В одном из переулков взобрался на крышу сарая. Луна стояла высоко, ровно освещая землю, деревня хорошо была видна. Из сорока изб ее в четырех жили люди, но ни в одной не светились окна. Иногда начинало казаться, что я здесь совсем один и на много верст окрест ни жилья, ни голоса, ни огонька. Скорее бы проходила ночь. Вернулся к своей избе и до рассвета просидел на крыльце…

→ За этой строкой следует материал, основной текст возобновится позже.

(* Let $\phi$ be a circuit all of whose constraints $F_v$ are even-windable. Then the signature $[\![\phi]\!]$ is even-windable.
   Context: For $x,y\in\{0,1\}^J$, $x\oplus y$ is coordinatewise addition mod 2, and $\mathbf S$ is the characteristic vector of $S\subseteq J$. For $z\in\{0,1\}^J$, $\mathrm{Match}(z)$ is the set of partitions of $\{i:z_i=1\}$ into pairs. $F:\{0,1\}^J\to\mathbb{Q}_{\ge0}$ is even-windable if there exist $B(x,y,M)\ge0$ for all $x,y\in\{0,1\}^J$, $M\in\mathrm{Match}(x\oplus y)$, with (EW1) $F(x)F(y)=\sum_{M\in\mathrm{Match}(x\oplus y)}B(x,y,M)$ for all $x,y$, and (EW2) $B(x,y,M)=B(x\oplus\mathbf S,y\oplus\mathbf S,M)$ for all $x,y$ and all $S\in M\in\mathrm{Match}(x\oplus y)$. A circuit $\phi$ consists of: a finite set $J$ of incidences; a finite set $V$ of vertices with sets $J_v$ partitioning $J$; a set $A\subseteq J$ of external edges; a partition $E$ of $J\setminus A$ into pairs (internal edges); and constraints $F_v:\{0,1\}^{J_v}\to\mathbb{Q}_{\ge0}$. An assignment is $x\in\{0,1\}^J$ with $x_i=x_j$ for all $\{i,j\}\in E$; $\mathrm{wt}_\phi(x)=\prod_vF_v(x|_{J_v})$; the signature is $[\![\phi]\!]:\{0,1\}^A\to\mathbb{Q}_{\ge0}$, $[\![\phi]\!](x)=\sum\mathrm{wt}_\phi(x')$ over assignments $x'$ extending $x$. *)

From HB Require Import structures.
From mathcomp Require Import all_boot all_order all_algebra.
Set Implicit Arguments. Unset Strict Implicit. Unset Printing Implicit Defensive.
Import Order.TTheory GRing.Theory Num.Theory.
Local Open Scope ring_scope.

Definition bxor (I : finType) (x y : {ffun I -> bool}) : {ffun I -> bool} :=
  [ffun i => x i (+) y i].

Definition chi (I : finType) (S : {set I}) : {ffun I -> bool} :=
  [ffun i => i \in S].

Definition Match (I : finType) (z : {ffun I -> bool}) : {set {set {set I}}} :=
  [set M : {set {set I}} | partition M [set i | z i] &&
                           [forall S in M, #|S| == 2]].

Definition even_windable (I : finType) (F : {ffun I -> bool} -> rat) : Prop :=
  (forall x, 0 <= F x) /\
  exists B : {ffun I -> bool} -> {ffun I -> bool} -> {set {set I}} -> rat,
    [/\ (forall x y M, M \in Match (bxor x y) -> 0 <= B x y M),
        (forall x y, F x * F y = \sum_(M in Match (bxor x y)) B x y M) &
        (forall x y M S, M \in Match (bxor x y) -> S \in M ->
           B x y M = B (bxor x (chi S)) (bxor y (chi S)) M)].

(* incidences at vertex v : J_v = {j | vert j = v} *)
Definition Jv (J V : finType) (vert : J -> V) (v : V) : predArgType :=
  {j : J | vert j == v}.

Definition Aext (J : finType) (A : {set J}) : predArgType := {j : J | j \in A}.

Definition restr (J V : finType) (vert : J -> V) (x : {ffun J -> bool}) (v : V)
  : {ffun Jv vert v -> bool} := [ffun j : Jv vert v => x (val j)].

Definition internal_edges (J : finType) (A : {set J}) (E : {set {set J}}) : Prop :=
  partition E (~: A) /\ forall e, e \in E -> #|e| = 2.

Definition is_assignment (J : finType) (E : {set {set J}}) (x : {ffun J -> bool})
  : bool := [forall e in E, forall i in e, forall j in e, x i == x j].

Definition wt (J V : finType) (vert : J -> V)
  (F : forall v : V, {ffun Jv vert v -> bool} -> rat) (x : {ffun J -> bool}) : rat :=
  \prod_(v : V) F v (restr vert x v).

Definition signature (J V : finType) (vert : J -> V) (A : {set J})
  (E : {set {set J}}) (F : forall v : V, {ffun Jv vert v -> bool} -> rat)
  (xa : {ffun Aext A -> bool}) : rat :=
  \sum_(x : {ffun J -> bool} | is_assignment E x &&
          [forall j : Aext A, x (val j) == xa j]) wt F x.

From HB Require Import structures.
From mathcomp Require Import all_boot all_order all_algebra.
Set Implicit Arguments. Unset Strict Implicit. Unset Printing Implicit Defensive.
Import Order.TTheory GRing.Theory Num.Theory.
Local Open Scope ring_scope.

(* We handle functions on the whole cube {0,1}^J that only depend on a set D
   of coordinates, with the relative notion [windable_on D G], in which the
   windings of x and y are the pairings of the coordinates of D where x and y
   differ.  The signature of a circuit arises from its constraints by two
   operations, and windable_on is stable under both:
   - the product of functions depending on disjoint sets D1, D2 is windable
     on D1 :|: D2: a winding of the product is a union of windings;
   - summing over the common value of two coordinates i, j of D (contracting
     an internal edge) gives a function windable on D :\ i :\ j: a winding of
     the contraction is obtained from a winding of the original function by
     deleting i and j, merging the blocks of i and j if they differ.  The theorem follows: the weight of a circuit is windable on J
   (a product over the vertices), contracting all internal edges yields the
   signature, extended to J, windable on A, and transferring back to the
   external incidences gives the claim. *)

Section Pairings.
Variable T : finType.
Implicit Types (M : {set {set T}}) (P S : {set T}) (k : T).

Definition pairing M P : Prop :=
  [/\ forall S, S \in M -> #|S| = 2%N /\ S \subset P,
      forall k, k \in P -> exists2 S, S \in M & k \in S &
      forall S1 S2 k, S1 \in M -> S2 \in M -> k \in S1 -> k \in S2 -> S1 = S2].

Lemma pairingP M P :
  (partition M P && [forall S in M, #|S| == 2]) <-> pairing M P.
Proof.
split.
- case/andP=> /and3P[/eqP cov triv _] /forall_inP card2; split.
  + move=> S SM; split; first exact/eqP/card2.
    by rewrite -cov; apply: bigcup_sup SM.
  + by move=> k; rewrite -cov => /bigcupP[S SM kS]; exists S.
  + move=> S1 S2 k S1M S2M k1 k2; apply/eqP; apply: contraTT isT => neq.
    by move/disjointFr: (trivIsetP triv S1 S2 S1M S2M neq) => /(_ k k1); rewrite k2.
- case=> blocks cover uniq_block; apply/andP; split; last first.
    by apply/forall_inP => S /blocks[-> _].
  apply/and3P; split.
  + rewrite eqEsubset; apply/andP; split; first by apply/bigcupsP => S /blocks[].
    by apply/subsetP => k /cover[S SM kS]; apply/bigcupP; exists S.
  + apply/trivIsetP => S1 S2 S1M S2M neq; apply/pred0P => k /=.
    apply/negP => /andP[k1 k2].
    by move: neq; rewrite (uniq_block _ _ _ S1M S2M k1 k2) eqxx.
  + by apply/negP => /blocks[]; rewrite cards0.
Qed.

Lemma pairing_sub M P S : pairing M P -> S \in M -> S \subset P.
Proof. by case=> blocks _ _ /blocks[]. Qed.

Lemma pairingU M1 M2 P1 P2 : [disjoint P1 & P2] ->
  pairing M1 P1 -> pairing M2 P2 -> pairing (M1 :|: M2) (P1 :|: P2).
Proof.
move=> dis [a1 a2 a3] [c1 c2 c3].
have cross S1 S2 k : S1 \in M1 -> S2 \in M2 -> k \in S1 -> k \in S2 -> False.
  move=> /a1[_ /subsetP s1] /c1[_ /subsetP s2] /s1 k1 /s2 k2.
  by move/disjointFr: dis => /(_ k k1); rewrite k2.
split.
- move=> S; rewrite inE => /orP[/a1|/c1] [-> sub]; split => //.
    exact: subset_trans sub (subsetUl _ _).
  exact: subset_trans sub (subsetUr _ _).
- move=> k; rewrite inE => /orP[/a2|/c2] [S SM kS]; exists S => //.
    by rewrite inE SM.
  by rewrite inE SM orbT.
- move=> S1 S2 k; rewrite !inE => /orP[] h1 /orP[] h2 k1 k2.
  + exact: a3 h1 h2 k1 k2.
  + by case: (cross _ _ _ h1 h2 k1 k2).
  + by case: (cross _ _ _ h2 h1 k2 k1).
  + exact: c3 h1 h2 k1 k2.
Qed.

Из старых друзей остался в Юрге Савелий. Навестил его, он обрадовался несказанно, и мы целый день проговорили, сначала в избе за столом, потом в ограде, на траве, под широким таловым кустом. Савелий старик уже. Давно оставил пастушество, вышел на пенсию. Принял в дом старуху, такую же одинокую, как и сам, — невмоготу стало одному — какой год живут вместе, ждут своего часа. Держат еще хозяйство: корова у них, две овцы, десяток кур. Весной — летом он занят огородом, сено ставит для скота, рыбачит. Осенью часто ходил в лес. Не так набрать чего, как побродить, посидеть на пне под красной осинкой в листопад. Вся жизнь здесь прошла, сорок лет только коров пас, каждый куст родной. Зимой, если не болела по непогоде нога, охотился. Стрелял за огородами в тальниках куропаток, ставил на зайцев петли. Так и проходило время день за днем, год за годом. Зима, весна, лето. Опять зима…

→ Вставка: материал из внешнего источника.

(* Let $(U_n)_{n\ge1}$ and $(V_n)_{n\ge1}$ be sequences in $\mathcal{D}$ converging in $\tau_{\mathcal{D}}$ to $U\in\mathcal{D}$ and $V\in\mathcal{D}$ respectively, and suppose $U_n\ge_sV_n$ for all $n$. Then $U\ge_sV$.
   Context: $\mathcal{D}$ is the set of non-increasing càdlàg functions $U:\mathbb{R}\to[0,1]$ with $\lim_{x\to-\infty}U(x)=1$ and $\lim_{x\to\infty}U(x)=0$. The topology $\tau_{\mathcal{D}}$: $U_n\to U$ iff $U_n(x)\to U(x)$ at every continuity point $x$ of $U$ (this is the image of the weak topology on probability measures under $\mu\mapsto(x\mapsto\mu((x,\infty)))$). For $U,V\in\mathcal{D}$, $U\ge_sV$ (''$U$ is more stretched than $V$'') means: for every $c\in\mathbb{R}$ and $x_1\le x_2$, $U(x_1)>V(x_1+c)$ implies $U(x_2)\ge V(x_2+c)$. *)

From Stdlib Require Import Reals.
Open Scope R_scope.

Definition right_continuous_at (f : R -> R) (x : R) : Prop :=
  forall eps, 0 < eps -> exists delta, 0 < delta /\
    forall y, x <= y < x + delta -> Rabs (f y - f x) < eps.

Definition has_left_limit (f : R -> R) (x : R) : Prop :=
  exists l, forall eps, 0 < eps -> exists delta, 0 < delta /\
    forall y, x - delta < y < x -> Rabs (f y - l) < eps.

Definition cadlag (f : R -> R) : Prop :=
  forall x, right_continuous_at f x /\ has_left_limit f x.

Definition in_D (U : R -> R) : Prop :=
  (forall x, 0 <= U x <= 1) /\
  (forall x y, x <= y -> U y <= U x) /\
  cadlag U /\
  (forall eps, 0 < eps -> exists M, forall x, x <= M -> Rabs (U x - 1) < eps) /\
  (forall eps, 0 < eps -> exists M, forall x, M <= x -> Rabs (U x) < eps).

Definition tauD_converges (Un : nat -> R -> R) (U : R -> R) : Prop :=
  forall x, continuity_pt U x -> Un_cv (fun n => Un n x) (U x).

Definition more_stretched (U V : R -> R) : Prop :=
  forall c x1 x2, x1 <= x2 -> V (x1 + c) < U x1 -> V (x2 + c) <= U x2.

(* Suppose [V (x1 + c) < U x1] but [U x2 < V (x2 + c)] with [x1 <= x2].  By
   right-continuity both strict inequalities persist on short intervals to the
   right of [x1] and of [x2], and these intervals contain points [y1 <= y2] at
   which [U] and [V (. + c)] are continuous: a monotone function is continuous
   somewhere in every open interval (nested intervals on which it drops less
   and less), and a sum of two nonincreasing functions is continuous only where
   both summands are.  At continuity points the limits are pointwise, so for
   large [n] the same two inequalities hold for [Un n] and [Vn n] at [y1] and
   [y2], contradicting [more_stretched (Un n) (Vn n)]. *)
From Stdlib Require Import Reals Lra Lia Classical ClassicalEpsilon.
Open Scope R_scope.

Definition nonincreasing (f : R -> R) : Prop := forall x y, x <= y -> f y <= f x.

Lemma continuity_pt_eps_delta (f : R -> R) (x : R) :
  continuity_pt f x <->
  forall eps, 0 < eps -> exists d, 0 < d /\
    forall z, Rabs (z - x) < d -> Rabs (f z - f x) < eps.
Proof.
  unfold continuity_pt, continue_in, limit1_in, limit_in, D_x, no_cond; simpl.
  unfold R_dist. split.
  - intros Hf eps Heps. destruct (Hf eps Heps) as [d [Hd Hz]].
    exists d. split; [exact Hd |]. intros z Hzx.
    destruct (Req_dec x z) as [<- | Hne].
    + rewrite Rminus_diag, Rabs_R0. exact Heps.
    + apply Hz. auto.
  - intros Hf eps Heps. destruct (Hf eps Heps) as [d [Hd Hz]].
    exists d. split; [exact Hd |]. intros z [_ Hzx]. apply Hz, Hzx.
Qed.

Lemma continuity_pt_shift (V : R -> R) (c y : R) :
  continuity_pt (fun x => V (x + c)) y -> continuity_pt V (y + c).
Proof.
  rewrite !continuity_pt_eps_delta. intros HW eps Heps.
  destruct (HW eps Heps) as [d [Hd Hz]]. exists d. split; [exact Hd |].
  intros z Hzy. specialize (Hz (z - c)).
  replace (z - c + c) with z in Hz by ring.
  apply Hz. replace (z - c - y) with (z - (y + c)) by ring. exact Hzy.
Qed.

Lemma right_continuous_at_shift (V : R -> R) (c x : R) :
  right_continuous_at V (x + c) -> right_continuous_at (fun y => V (y + c)) x.
Proof.
  intros HV eps Heps. destruct (HV eps Heps) as [d [Hd Hy]].
  exists d. split; [exact Hd |]. intros y Hxy. apply Hy. lra.
Qed.

Lemma nonincreasing_sum_continuity_pt (f g : R -> R) (y : R) :
  nonincreasing f -> nonincreasing g ->
  continuity_pt (fun x => f x + g x) y -> continuity_pt f y.
Proof.
  intros Hf Hg. rewrite !continuity_pt_eps_delta. intros Hfg eps Heps.
  destruct (Hfg eps Heps) as [d [Hd Hz]]. exists d. split; [exact Hd |].
  intros z Hzy. specialize (Hz z Hzy).
  (* the increments of [f] and [g] between [y] and [z] have the same sign *)
  destruct (Rle_dec y z) as [Hyz | Hzy'].
  - pose proof (Hf y z Hyz). pose proof (Hg y z Hyz).
    rewrite Rabs_left1 in Hz |- *; lra.
  - pose proof (Hf z y ltac:(lra)). pose proof (Hg z y ltac:(lra)).
    rewrite Rabs_right in Hz |- *; lra.
Qed.

Lemma grid_drop_telescope (g : R -> R) (a h eps : R) (N : nat) :
  (forall i, (i < N)%nat -> eps <= g (a + INR i * h) - g (a + INR (S i) * h)) ->
  INR N * eps <= g a - g (a + INR N * h).
Proof.
  induction N as [| N IH]; intros Hsteps.
  - simpl. replace (a + 0 * h) with a by ring. lra.
  - assert (Hlast := Hsteps N (Nat.lt_succ_diag_r N)).
    assert (Hfirst := IH (fun i Hi => Hsteps i (Nat.lt_lt_succ_r _ _ Hi))).
    rewrite S_INR at 1. lra.
Qed.

Lemma nonincreasing_small_drop (g : R -> R) (a b eps : R) :
  nonincreasing g -> a < b -> 0 < eps ->
  exists a' b', a <= a' < b' /\ b' <= b /\ g a' - g b' < eps.
Proof.
  intros Hg Hab Heps.
  destruct (INR_archimed eps (g a - g b) Heps) as [N HN].
  assert (HN0 : 0 < INR N).
  { destruct N as [| N]; [| apply lt_0_INR; lia].
    pose proof (Hg a b ltac:(lra)). simpl in HN. lra. }
  set (h := (b - a) / INR N).
  assert (Hh : 0 < h) by (apply Rdiv_lt_0_compat; lra).
  assert (Hend : a + INR N * h = b) by (unfold h; field; lra).
  destruct (classic (exists i, (i < N)%nat /\
              g (a + INR i * h) - g (a + INR (S i) * h) < eps))
    as [[i [Hi Hdrop]] | Hnone].
  - exists (a + INR i * h), (a + INR (S i) * h).
    pose proof (pos_INR i). rewrite S_INR in *.
    assert (INR i + 1 <= INR N) by (rewrite <- S_INR; apply le_INR; lia).
    assert (0 <= INR i * h) by (apply Rmult_le_pos; lra).
    assert ((INR i + 1) * h <= INR N * h) by (apply Rmult_le_compat_r; lra).
    repeat split; lra.
  - assert (Htel : INR N * eps <= g a - g (a + INR N * h)).
    { apply grid_drop_telescope. intros i Hi.
      apply Rnot_lt_le. intro Hdrop. apply Hnone. exists i. split; assumption. }
    rewrite Hend in Htel. lra.
Qed.

Lemma nested_intervals_common_point (l r : nat -> R) :
  (forall n, l n < r n) -> (forall n, l n < l (S n)) -> (forall n, r (S n) < r n) ->
  exists y, forall n, l n < y < r n.
Proof.
  intros Hlr Hl Hr.
  assert (Hmono : forall n m, (n <= m)%nat -> l n <= l m /\ r m <= r n).
  { intros n m Hnm. induction Hnm as [| m _ IH]; [lra |].
    specialize (Hl m). specialize (Hr m). lra. }
  assert (Hlr' : forall n m, l n < r m).
  { intros n m.
    destruct (Hmono n (Nat.max n m) (Nat.le_max_l n m)) as [Hn _].
    destruct (Hmono m (Nat.max n m) (Nat.le_max_r n m)) as [_ Hm].
    specialize (Hlr (Nat.max n m)). lra. }
  set (E := fun x => exists n, x = l n).
  assert (HEb : bound E) by (exists (r 0%nat); intros x [n ->]; left; apply Hlr').
  destruct (completeness E HEb (ex_intro _ (l 0%nat) (ex_intro _ 0%nat eq_refl)))
    as [y [Hub Hlub]].
  exists y. intros n. split.
  - apply Rlt_le_trans with (l (S n)); [apply Hl |]. apply Hub. exists (S n). reflexivity.
  - apply Rle_lt_trans with (r (S n)); [| apply Hr].
    apply Hlub. intros x [m ->]. left. apply Hlr'.
Qed.

Lemma nested_intervals_point (P : nat -> R -> R -> Prop) (a b : R) :
  a < b ->
  (forall k a b, a < b -> exists a' b', a < a' < b' /\ b' < b /\ P k a' b') ->
  exists y, a < y < b /\ forall k, exists a' b', a' < y < b' /\ P k a' b'.
Proof.
  intros Hab Hshrink.
  destruct (choice (fun (kI : nat * (R * R)) (J : R * R) =>
              let '(k, (a, b)) := kI in
              a < b -> a < fst J < snd J /\ snd J < b /\ P k (fst J) (snd J)))
    as [F HF].
  { intros [k [a' b']]. destruct (Rlt_dec a' b') as [Hlt | Hge].
    - destruct (Hshrink k a' b' Hlt) as [a'' [b'' H]]. exists (a'', b''). auto.
    - exists (a', b'). intro. contradiction. }
  set (I := fix I (n : nat) : R * R :=
              match n with O => (a, b) | S n => F (n, I n) end).
  assert (Hstep : forall n, fst (I n) < snd (I n) ->
            fst (I n) < fst (I (S n)) < snd (I (S n)) /\ snd (I (S n)) < snd (I n) /\
            P n (fst (I (S n))) (snd (I (S n)))).
  { intros n. specialize (HF (n, I n)). simpl in HF |- *.
    destruct (I n) as [an bn]. exact HF. }
  assert (HI : forall n, fst (I n) < snd (I n)).
  { induction n as [| n IH]; [exact Hab |]. destruct (Hstep n IH) as [H _]. lra. }
  destruct (nested_intervals_common_point (fun n => fst (I n)) (fun n => snd (I n)) HI)
    as [y Hy].
  - intros n. apply (Hstep n (HI n)).
  - intros n. apply (Hstep n (HI n)).
  - exists y. split; [exact (Hy 0%nat) |]. intros k.
    exists (fst (I (S k))), (snd (I (S k))). split; [apply Hy | apply (Hstep k (HI k))].
Qed.

Lemma nonincreasing_continuity_point (g : R -> R) (a b : R) :
  nonincreasing g -> a < b -> exists y, a < y < b /\ continuity_pt g y.
Proof.
  intros Hg Hab.
  destruct (nested_intervals_point (fun k a' b' => g a' - g b' < / INR (S k)) a b Hab)
    as [y [Hy Hdrops]].
  { intros k a' b' Hab'.
    destruct (nonincreasing_small_drop g (a' + (b' - a') / 3) (b' - (b' - a') / 3)
                (/ INR (S k)) Hg ltac:(lra))
      as [a'' [b'' H]].
    - apply Rinv_0_lt_compat, lt_0_INR. lia.
    - exists a'', b''. repeat split; lra. }
  exists y. split; [exact Hy |]. apply continuity_pt_eps_delta. intros eps Heps.
  destruct (archimed_cor1 eps Heps) as [N [HN HN0]].
  destruct (Hdrops (pred N)) as [a' [b' [Hy' Hdrop]]].
  rewrite (Nat.succ_pred_pos N HN0) in Hdrop.
  exists (Rmin (y - a') (b' - y)). split; [apply Rmin_glb_lt; lra |].
  intros z Hz. apply Rabs_def2 in Hz.
  pose proof (Rmin_l (y - a') (b' - y)). pose proof (Rmin_r (y - a') (b' - y)).
  pose proof (Hg a' z ltac:(lra)). pose proof (Hg z b' ltac:(lra)).
  pose proof (Hg a' y ltac:(lra)). pose proof (Hg y b' ltac:(lra)).
  apply Rabs_def1; lra.
Qed.

Lemma nonincreasing_common_continuity_point (f g : R -> R) (a b : R) :
  nonincreasing f -> nonincreasing g -> a < b ->
  exists y, a < y < b /\ continuity_pt f y /\ continuity_pt g y.
Proof.
  intros Hf Hg Hab.
  assert (Hfg : nonincreasing (fun x => f x + g x)).
  { intros x y Hxy. pose proof (Hf x y Hxy). pose proof (Hg x y Hxy). lra. }
  destruct (nonincreasing_continuity_point _ a b Hfg Hab) as [y [Hy Hc]].
  exists y. split; [exact Hy | split].
  - exact (nonincreasing_sum_continuity_pt f g y Hf Hg Hc).
  - apply (nonincreasing_sum_continuity_pt g f y Hg Hf).
    apply continuity_pt_locally_ext with (fun x => f x + g x) 1; [lra | | exact Hc].
    intros; ring.
Qed.

Lemma right_continuous_strict_gap (f g : R -> R) (x : R) :
  right_continuous_at f x -> nonincreasing g -> g x < f x ->
  exists d, 0 < d /\ forall y, x <= y < x + d -> g y < f y.
Proof.
  intros Hf Hg Hgap. destruct (Hf (f x - g x) ltac:(lra)) as [d [Hd Hy]].
  exists d. split; [exact Hd |]. intros y Hxy.
  destruct (Rabs_def2 _ _ (Hy y Hxy)). pose proof (Hg x y (proj1 Hxy)). lra.
Qed.

Lemma Un_cv_eventually_lt (u v : nat -> R) (lu lv : R) :
  Un_cv u lu -> Un_cv v lv -> lu < lv ->
  exists N, forall n, (N <= n)%nat -> u n < v n.
Proof.
  intros Hu Hv Hlt.
  destruct (Hu ((lv - lu) / 2) ltac:(lra)) as [Nu HNu].
  destruct (Hv ((lv - lu) / 2) ltac:(lra)) as [Nv HNv].
  exists (Nu + Nv)%nat. intros n Hn.
  specialize (HNu n ltac:(lia)). specialize (HNv n ltac:(lia)).
  unfold R_dist in *. apply Rabs_def2 in HNu, HNv. lra.
Qed.

Lemma crossing_at_continuity_points (f g : R -> R) (x1 x2 : R) :
  nonincreasing f -> nonincreasing g ->
  right_continuous_at f x1 -> right_continuous_at g x2 ->
  x1 <= x2 -> g x1 < f x1 -> f x2 < g x2 ->
  exists y1 y2, y1 <= y2 /\ g y1 < f y1 /\ f y2 < g y2 /\
    continuity_pt f y1 /\ continuity_pt g y1 /\
    continuity_pt f y2 /\ continuity_pt g y2.
Proof.
  intros Hf Hg Hcf Hcg Hx Hgap1 Hgap2.
  destruct (right_continuous_strict_gap f g x1 Hcf Hg Hgap1) as [d1 [Hd1 Hgap1']].
  destruct (right_continuous_strict_gap g f x2 Hcg Hf Hgap2) as [d2 [Hd2 Hgap2']].
  pose proof (Rmin_l d1 d2). pose proof (Rmin_r d1 d2).
  destruct (nonincreasing_common_continuity_point f g x1 (x1 + Rmin d1 d2) Hf Hg)
    as [y1 [Hy1 [cf1 cg1]]].
  { pose proof (Rmin_glb_lt d1 d2 0 Hd1 Hd2). lra. }
  destruct (nonincreasing_common_continuity_point f g (Rmax y1 x2) (x2 + d2) Hf Hg)
    as [y2 [Hy2 [cf2 cg2]]].
  { apply Rmax_lub_lt; lra. }
  pose proof (Rmax_l y1 x2). pose proof (Rmax_r y1 x2).
  exists y1, y2. repeat split; try assumption; try lra.
  - apply Hgap1'. lra.
  - apply Hgap2'. lra.
Qed.

Theorem lemma2p1 (Un Vn : nat -> R -> R) (U V : R -> R) :
  (forall n, (1 <= n)%nat -> in_D (Un n)) ->
  (forall n, (1 <= n)%nat -> in_D (Vn n)) ->
  in_D U -> in_D V ->
  tauD_converges Un U -> tauD_converges Vn V ->
  (forall n, (1 <= n)%nat -> more_stretched (Un n) (Vn n)) ->
  more_stretched U V.
Proof.
  intros _ _ [_ [mU [cU _]]] [_ [mV [cV _]]] HU HV Hms c x1 x2 Hx Hgap1.
  apply Rnot_lt_le. intro Hgap2.
  set (W := fun y => V (y + c)).
  assert (mW : nonincreasing W) by (intros y z Hyz; apply mV; lra).
  destruct (crossing_at_continuity_points U W x1 x2 mU mW (proj1 (cU x1))
              (right_continuous_at_shift V c x2 (proj1 (cV (x2 + c)))) Hx Hgap1 Hgap2)
    as [y1 [y2 [Hy [Hgap1' [Hgap2' [cU1 [cW1 [cU2 cW2]]]]]]]].
  destruct (Un_cv_eventually_lt (fun n => Vn n (y1 + c)) (fun n => Un n y1) _ _
              (HV _ (continuity_pt_shift V c y1 cW1)) (HU y1 cU1) Hgap1')
    as [N1 HN1].
  destruct (Un_cv_eventually_lt (fun n => Un n y2) (fun n => Vn n (y2 + c)) _ _
              (HU y2 cU2) (HV _ (continuity_pt_shift V c y2 cW2)) Hgap2')
    as [N2 HN2].
  set (N := S (N1 + N2)).
  pose proof (Hms N ltac:(unfold N; lia) c y1 y2 Hy (HN1 N ltac:(unfold N; lia))).
  pose proof (HN2 N ltac:(unfold N; lia)). lra.
Qed.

— Прошлым живу, Егорыч, — кивал старик головой. — Теперь уже не думаешь, как дальше жить, не загадываешь. Все. Отплановал. Ах ты, жизнь — жизня. Пролетела, как один день. А думал, конца не будет. Боже мой! Вспоминаю, молодой да сильный был, без палки вот этой обходился. На войну уходил, к семье вернулся. Как жили мы здесь в Юрге пятьдесят дворов, будто семья одна. А сейчас… — Он сердито засопел и стал теребить вислые усы свои.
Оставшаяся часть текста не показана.